* DATA EXTRACTS
BEGIN

Let ba : b != a. Proof. by rewrite eq_sym. Qed.
Let oa : o != a. Proof. by rewrite eq_sym. Qed.
Let ob : o != b. Proof. by rewrite eq_sym. Qed.
Let u_o : u o = 0. Proof. exact: hopf_unit_odd hopf _ odd_o. Qed.
Let ep_o : ep o = 0. Proof. exact: hopf_counit_odd hopf _ odd_o. Qed.
Let u_ep : u a * ep a + u b * ep b = 1.
Proof. by rewrite -(hopf_counit1 hopf) (sum_ord3_distinct ab ao bo) u_o mul0r addr0. Qed.

Ltac eval_abo := rewrite /aug_P /aug_Q /aug_D /kron /= ?eqxx
  ?(negbTE ab, negbTE ba, negbTE ao, negbTE oa, negbTE bo, negbTE ob) /= ?u_o ?ep_o.

Lemma aug_PQ p q : \sum_k aug_P p k * aug_Q k q = kron p q.
Proof.
rewrite (sum_ord3_distinct ab ao bo).
by case: (ord3P p) => ->; case: (ord3P q) => ->; eval_abo;
  first [by rewrite -u_ep; ring | ring].
Qed.

Lemma aug_QP k l : \sum_p aug_Q k p * aug_P p l = kron k l.
Proof.
rewrite sum_ord3.
case: (ord3_distinctP ab ao bo k) => ->; case: (ord3_distinctP ab ao bo l) => ->;
  by eval_abo; first [by rewrite -u_ep; ring | ring].
Qed.

Lemma aug_P_grade p k : aug_P p k != 0 -> d k = aug_D p.
Proof.
case: (ord3P p) => ->; case: (ord3_distinctP ab ao bo k) => ->; eval_abo;
  rewrite ?even_a ?odd_o ?eqxx //;
  by [move/(hopf_unit_grade hopf) => -> | move/(hopf_counit_grade hopf) => ->].
Qed.

Lemma aug_Q_grade k p : aug_Q k p != 0 -> d k = aug_D p.
Proof.
case: (ord3P p) => ->; case: (ord3_distinctP ab ao bo k) => ->; eval_abo;
  rewrite ?even_a ?odd_o ?eqxx //;
  by [move/(hopf_unit_grade hopf) => -> | move/(hopf_counit_grade hopf) => ->].
Qed.

Lemma aug_unit r : u' aug_Q u r = kron i0 r.
Proof. by rewrite -(coordP aug_PQ); congr coord; apply: functional_extensionality. Qed.

Lemma aug_counit p : ep' aug_P ep p = kron i0 p.
Proof.
rewrite /ep' /epsv (sum_ord3_distinct ab ao bo).
by case: (ord3P p) => ->; eval_abo; first [by rewrite -u_ep; ring | ring].
Qed.

Lemma no_augmented_basis : False.
Proof.
have hopf' := hopf_basis_change aug_PQ aug_QP hopf aug_P_grade aug_Q_grade.
by have := augmented_e2_even hopf' aug_unit aug_counit.
Qed.

End AugmentedBasisChoice.

Lemma ord3_other (a o : 'I_3) : exists2 b, a != b & b != o.
Proof.
by case: (ord3P a) => ->; case: (ord3P o) => ->; by [exists i0 | exists i1 | exists i2].
Qed.

Theorem theorem3p6 (K : closedFieldType) (charK0 : [pchar K] =i pred0)
  (d : 'I_3 -> bool) (m : 'I_3 -> 'I_3 -> 'I_3 -> K) (u : 'I_3 -> K)
  (c : 'I_3 -> 'I_3 -> 'I_3 -> K) (ep : 'I_3 -> K) (s : 'I_3 -> 'I_3 -> K) :
  is_hopf_superalgebra d m u c ep s -> ~ (exists i, d i = true).
Proof.
move=> hopf [o odd_o].
have [a even_a] := hopf_exists_even hopf o.
have ao : a != o by apply: contraFneq even_a => ->.
have [b ab bo] := ord3_other a o.
exact: (no_augmented_basis hopf ab ao bo even_a odd_o).
Qed.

END

In the entries above, the lines between the one holding "by have := augmented_e2_even" and the one holding "have [b ab bo] := ord3_other a o.", inclusive, are to be printed exactly as written, and those alone.

* TASK RESULT
by have := augmented_e2_even hopf' aug_unit aug_counit.
Qed.

End AugmentedBasisChoice.

Lemma ord3_other (a o : 'I_3) : exists2 b, a != b & b != o.
Proof.
by case: (ord3P a) => ->; case: (ord3P o) => ->; by [exists i0 | exists i1 | exists i2].
Qed.

Theorem theorem3p6 (K : closedFieldType) (charK0 : [pchar K] =i pred0)
  (d : 'I_3 -> bool) (m : 'I_3 -> 'I_3 -> 'I_3 -> K) (u : 'I_3 -> K)
  (c : 'I_3 -> 'I_3 -> 'I_3 -> K) (ep : 'I_3 -> K) (s : 'I_3 -> 'I_3 -> K) :
  is_hopf_superalgebra d m u c ep s -> ~ (exists i, d i = true).
Proof.
move=> hopf [o odd_o].
have [a even_a] := hopf_exists_even hopf o.
have ao : a != o by apply: contraFneq even_a => ->.
have [b ab bo] := ord3_other a o.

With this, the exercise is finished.